▸ TASK OBJECTIVE: Somewhere below is a line with "Definition pointwise_rel_compact (F" and, later, a line with "Local Notation LIn := List.In."; repeat those two lines and all the lines between them, exactly as they are.
━━━━━ RECORDED DATA ━━━━━
(* Let $\mathbf{A},\mathbf{B},\mathbf{C}$ be trees with $\mathbf{A}$ infinite. If $\mathbf{A}\mathbf{B}=\mathbf{A}\mathbf{C}$, then $\mathbf{B}=\mathbf{C}$.
   Context: A tree is a (possibly empty, possibly infinite) rooted in-tree in which every vertex has finitely many in-neighbours: an acyclic weakly connected digraph with a root having no outgoing arc, every other vertex having exactly one outgoing arc (to its parent), arcs directed towards the root. Trees are considered up to isomorphism. The depth of a vertex is its distance to the root. The product of trees $\mathbf{F},\mathbf{G}$ has vertex set $\{(a,b):\operatorname{depth}(a)=\operatorname{depth}(b)\}$ and an arc $(a,b)\to(a',b')$ whenever $a\to a'$ and $b\to b'$ are arcs of $\mathbf{F}$ and $\mathbf{G}$ respectively. *)

From Stdlib Require Import List.

(* A "rooted digraph" in which every vertex has at most one outgoing arc:
   par x = Some y  means the arc x -> y (y is the parent of x),
   par x = None    means x has no outgoing arc (x is a root). *)
Record rgraph := RG { vtx : Type; par : vtx -> option vtx }.

Arguments par {r} _.

Fixpoint anc (T : rgraph) (n : nat) (x : vtx T) : option (vtx T) :=
  match n with
  | 0 => Some x
  | S m => match par x with Some y => anc T m y | None => None end
  end.

(* A tree: at most one root, every vertex reaches the root in finitely many
   steps (so acyclic, weakly connected, the root is the unique vertex without
   outgoing arc when nonempty), and every vertex has finitely many in-neighbours.
   The empty tree is allowed. *)
Definition is_tree (T : rgraph) : Prop :=
  (forall x y : vtx T, par x = None -> par y = None -> x = y) /\
  (forall x : vtx T, exists n, anc T n x = None) /\
  (forall y : vtx T, exists l : list (vtx T), forall x, par x = Some y -> In x l).

Definition infinite_tree (T : rgraph) : Prop :=
  ~ exists l : list (vtx T), forall x : vtx T, In x l.

Definition same_depth (F G : rgraph) (a : vtx F) (b : vtx G) : Prop :=
  forall n, anc F n a = None <-> anc G n b = None.

Lemma same_depth_par (F G : rgraph) (a a' : vtx F) (b b' : vtx G) :
  same_depth F G a b -> par a = Some a' -> par b = Some b' -> same_depth F G a' b'.
Proof.
  intros H Ha Hb n. specialize (H (S n)). simpl in H. rewrite Ha, Hb in H. exact H.
Qed.

(* The product of trees: vertices are pairs of vertices of equal depth, with an
   arc (a,b) -> (a',b') iff a -> a' and b -> b'. *)
Definition prod_vtx (F G : rgraph) : Type :=
  { p : vtx F * vtx G | same_depth F G (fst p) (snd p) }.

Definition prod_par (F G : rgraph) (x : prod_vtx F G) : option (prod_vtx F G) :=
  match x with
  | exist _ (a, b) H =>
    match par a as oa return par a = oa -> option (prod_vtx F G) with
    | Some a' => fun Ha =>
      match par b as ob return par b = ob -> option (prod_vtx F G) with
      | Some b' => fun Hb =>
          Some (exist _ (a', b') (same_depth_par F G a a' b b' H Ha Hb))
      | None => fun _ => None
      end eq_refl
    | None => fun _ => None
    end eq_refl
  end.

Definition tprod (F G : rgraph) : rgraph := RG (prod_vtx F G) (prod_par F G).
(* Let $(X,\tau_X)$ be a locally compact space and $(Y,\mathcal{V})$ a Hausdorff uniform space. Equip $\mathcal{C}(X,Y)$, the set of continuous point-compact multifunctions from $X$ to $Y$, with the topology of uniform convergence $\tau_{uc}$. A subfamily $\mathcal{F}\subset\mathcal{C}(X,Y)$ is relatively $\tau_{uc}$-compact if and only if (AA1) $\mathcal{F}$ is pointwise relatively compact and equicontinuous, and (AA2) $\mathcal{F}$ satisfies the finite extension property.
   Context: A multifunction $f:X\to Y$ assigns to each $x$ a nonempty $f(x)\subset Y$; it is point-compact if each $f(x)$ is compact. For $V\subset Y\times Y$, $V[a]=\{w:(a,w)\in V\}$, $V[A]=\bigcup_{a\in A}V[a]$, $f(A)=\bigcup_{a\in A}f(a)$; entourages are taken symmetric. $f$ is upper semi-continuous if for each $x$ and open $W\supset f(x)$ there is an open $U_x\ni x$ with $f(U_x)\subset W$; lower semi-continuous if for each $x$ and open $W$ with $f(x)\cap W\neq\emptyset$ there is an open $U_x\ni x$ with $f(u)\cap W\neq\emptyset$ for all $u\in U_x$; continuous if both. For $V\in\mathcal{V}$ let $$V^{\dagger}=\{(f,g):\ \forall x\in X\ \forall y\in f(x)\ \forall z\in g(x):\ (\{y\}\times g(x))\cap V\neq\emptyset,\ (f(x)\times\{z\})\cap V\neq\emptyset\};$$ the sets $V^\dagger$ form a base of the uniformity of uniform convergence, which induces $\tau_{uc}$. The uniformity of pointwise convergence $\mathcal{W}_{pc}$ on $\mathcal{F}$ has subbase the sets defined like $V^\dagger$ but with the quantifier over $x$ replaced by a single fixed $x\in X$ (for $x\in X$, $V\in\mathcal{V}$). $\mathcal{F}$ is pointwise relatively compact if $\bigcup\{f(x):f\in\mathcal{F}\}$ is relatively compact in $Y$ for every $x\in X$. $\mathcal{F}$ is equicontinuous if for every $x\in X$ and $V\in\mathcal{V}$ there is an open $U_x\ni x$ such that for all $f\in\mathcal{F}$: $f(U_x)\subset V[f(x)]$, and $f(u)\cap V[y]\neq\emptyset$ for all $u\in U_x$, $y\in f(x)$. $\mathcal{F}$ satisfies the finite extension property if for every $V\in\mathcal{V}$ there is $W\in\mathcal{W}_{pc}$ (on $\mathcal{F}$) with $W\subset V^\dagger\cap(\mathcal{F}\times\mathcal{F})$. Relatively $\tau_{uc}$-compact means the $\tau_{uc}$-closure of $\mathcal{F}$ in $\mathcal{C}(X,Y)$ is compact. *)

From HB Require Import structures.
From mathcomp Require Import all_boot all_order.
From mathcomp Require Import all_classical all_reals all_analysis.
From Stdlib Require Lists.List.

Set Implicit Arguments.
Unset Strict Implicit.
Unset Printing Implicit Defensive.

Local Open Scope classical_set_scope.

Section MultiFun.
Variables (X : topologicalType) (Y : uniformType).

Definition multifun := X -> set Y.

Definition sym_entourage (V : set (Y * Y)) : Prop :=
  entourage V /\ (forall a b, V (a, b) -> V (b, a)).

Definition ent_at (V : set (Y * Y)) (a : Y) : set Y := [set w | V (a, w)].

Definition ent_img (V : set (Y * Y)) (A : set Y) : set Y :=
  \bigcup_(a in A) ent_at V a.

Definition mimage (f : multifun) (A : set X) : set Y := \bigcup_(a in A) f a.

Definition point_compact (f : multifun) : Prop :=
  forall x, f x !=set0 /\ compact (f x).

Definition usc (f : multifun) : Prop :=
  forall x (W : set Y), open W -> f x `<=` W ->
    exists U : set X, [/\ open U, U x & mimage f U `<=` W].

Definition lsc (f : multifun) : Prop :=
  forall x (W : set Y), open W -> f x `&` W !=set0 ->
    exists U : set X, [/\ open U, U x & forall u, U u -> f u `&` W !=set0].

Definition mcontinuous (f : multifun) : Prop := usc f /\ lsc f.

Definition CXY : set multifun := [set f | point_compact f /\ mcontinuous f].

Definition dagger_at (V : set (Y * Y)) (x : X) (f g : multifun) : Prop :=
  forall y z, f x y -> g x z ->
    (exists2 w, g x w & V (y, w)) /\ (exists2 w, f x w & V (w, z)).

Definition dagger (V : set (Y * Y)) : set (multifun * multifun) :=
  [set fg | forall x, dagger_at V x fg.1 fg.2].

(* tau_uc-open subsets of C(X,Y) (topology induced by the uniformity
   whose base is the V^dagger, V symmetric entourage) *)
Definition uc_open (O : set multifun) : Prop :=
  O `<=` CXY /\
  forall f, O f -> exists V, sym_entourage V /\
    forall g, CXY g -> dagger V (f, g) -> O g.

Definition uc_closure (A : set multifun) : set multifun :=
  [set g | CXY g /\ forall O, uc_open O -> O g -> O `&` A !=set0].

Definition uc_compact (K : set multifun) : Prop :=
  K `<=` CXY /\
  forall (I : Type) (O : I -> set multifun), (forall i, uc_open (O i)) ->
    K `<=` \bigcup_i O i ->
    exists s : seq I, K `<=` \bigcup_(i in [set i | Stdlib.Lists.List.In i s]) O i.

Definition rel_uc_compact (F : set multifun) : Prop := uc_compact (uc_closure F).

Definition pointwise_rel_compact (F : set multifun) : Prop :=
  forall x, compact (closure (\bigcup_(f in F) f x)).

Definition equicontinuous_mf (F : set multifun) : Prop :=
  forall x V, sym_entourage V ->
    exists U : set X, [/\ open U, U x &
      forall f, F f ->
        mimage f U `<=` ent_img V (f x) /\
        (forall u y, U u -> f x y -> f u `&` ent_at V y !=set0)].

(* The uniformity W_pc of pointwise convergence on F has subbase the
   sets {(f,g) | dagger_at V x f g}; a member of W_pc contains (on F x F)
   a finite intersection of subbase sets. *)
Definition finite_extension (F : set multifun) : Prop :=
  forall V, sym_entourage V ->
    exists s : seq (X * set (Y * Y)),
      (forall p, Stdlib.Lists.List.In p s -> sym_entourage p.2) /\
      forall f g, F f -> F g ->
        (forall p, Stdlib.Lists.List.In p s -> dagger_at p.2 p.1 f g) -> dagger V (f, g).

End MultiFun.

(* Compare multifunctions through the Hausdorff-Bourbaki closeness [hclose]
   of their values; [V]-dagger closeness is [hclose V] at every point.

   Necessity: a tau_uc-compact family is totally bounded.  Finitely many
   continuous compact-valued centres then give equicontinuity, and finitely
   many points witnessing that two centres are far apart give the finite
   extension property; evaluation at [x] of the compact closure is compact.

   Sufficiency: pointwise relative compactness makes an ultrafilter on the
   closure pointwise Cauchy, the finite extension property (which passes to
   the closure) makes it uniformly Cauchy, and the upper limit of its values
   is then a continuous compact-valued multifunction to which it converges. *)

From mathcomp Require Import all_boot all_order.
From mathcomp Require Import all_classical all_reals all_analysis.
From Stdlib Require Lists.List.

Set Implicit Arguments.
Unset Strict Implicit.
Unset Printing Implicit Defensive.

Local Open Scope classical_set_scope.

Local Notation LIn := List.In.

Section FiniteFilterFacts.
Context {T : Type}.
━━━━━
▸ SOLUTION TO THIS EXERCISE:
Definition pointwise_rel_compact (F : set multifun) : Prop :=
  forall x, compact (closure (\bigcup_(f in F) f x)).

Definition equicontinuous_mf (F : set multifun) : Prop :=
  forall x V, sym_entourage V ->
    exists U : set X, [/\ open U, U x &
      forall f, F f ->
        mimage f U `<=` ent_img V (f x) /\
        (forall u y, U u -> f x y -> f u `&` ent_at V y !=set0)].

(* The uniformity W_pc of pointwise convergence on F has subbase the
   sets {(f,g) | dagger_at V x f g}; a member of W_pc contains (on F x F)
   a finite intersection of subbase sets. *)
Definition finite_extension (F : set multifun) : Prop :=
  forall V, sym_entourage V ->
    exists s : seq (X * set (Y * Y)),
      (forall p, Stdlib.Lists.List.In p s -> sym_entourage p.2) /\
      forall f g, F f -> F g ->
        (forall p, Stdlib.Lists.List.In p s -> dagger_at p.2 p.1 f g) -> dagger V (f, g).

End MultiFun.

(* Compare multifunctions through the Hausdorff-Bourbaki closeness [hclose]
   of their values; [V]-dagger closeness is [hclose V] at every point.

   Necessity: a tau_uc-compact family is totally bounded.  Finitely many
   continuous compact-valued centres then give equicontinuity, and finitely
   many points witnessing that two centres are far apart give the finite
   extension property; evaluation at [x] of the compact closure is compact.

   Sufficiency: pointwise relative compactness makes an ultrafilter on the
   closure pointwise Cauchy, the finite extension property (which passes to
   the closure) makes it uniformly Cauchy, and the upper limit of its values
   is then a continuous compact-valued multifunction to which it converges. *)

From mathcomp Require Import all_boot all_order.
From mathcomp Require Import all_classical all_reals all_analysis.
From Stdlib Require Lists.List.

Set Implicit Arguments.
Unset Strict Implicit.
Unset Printing Implicit Defensive.

Local Open Scope classical_set_scope.

Local Notation LIn := List.In.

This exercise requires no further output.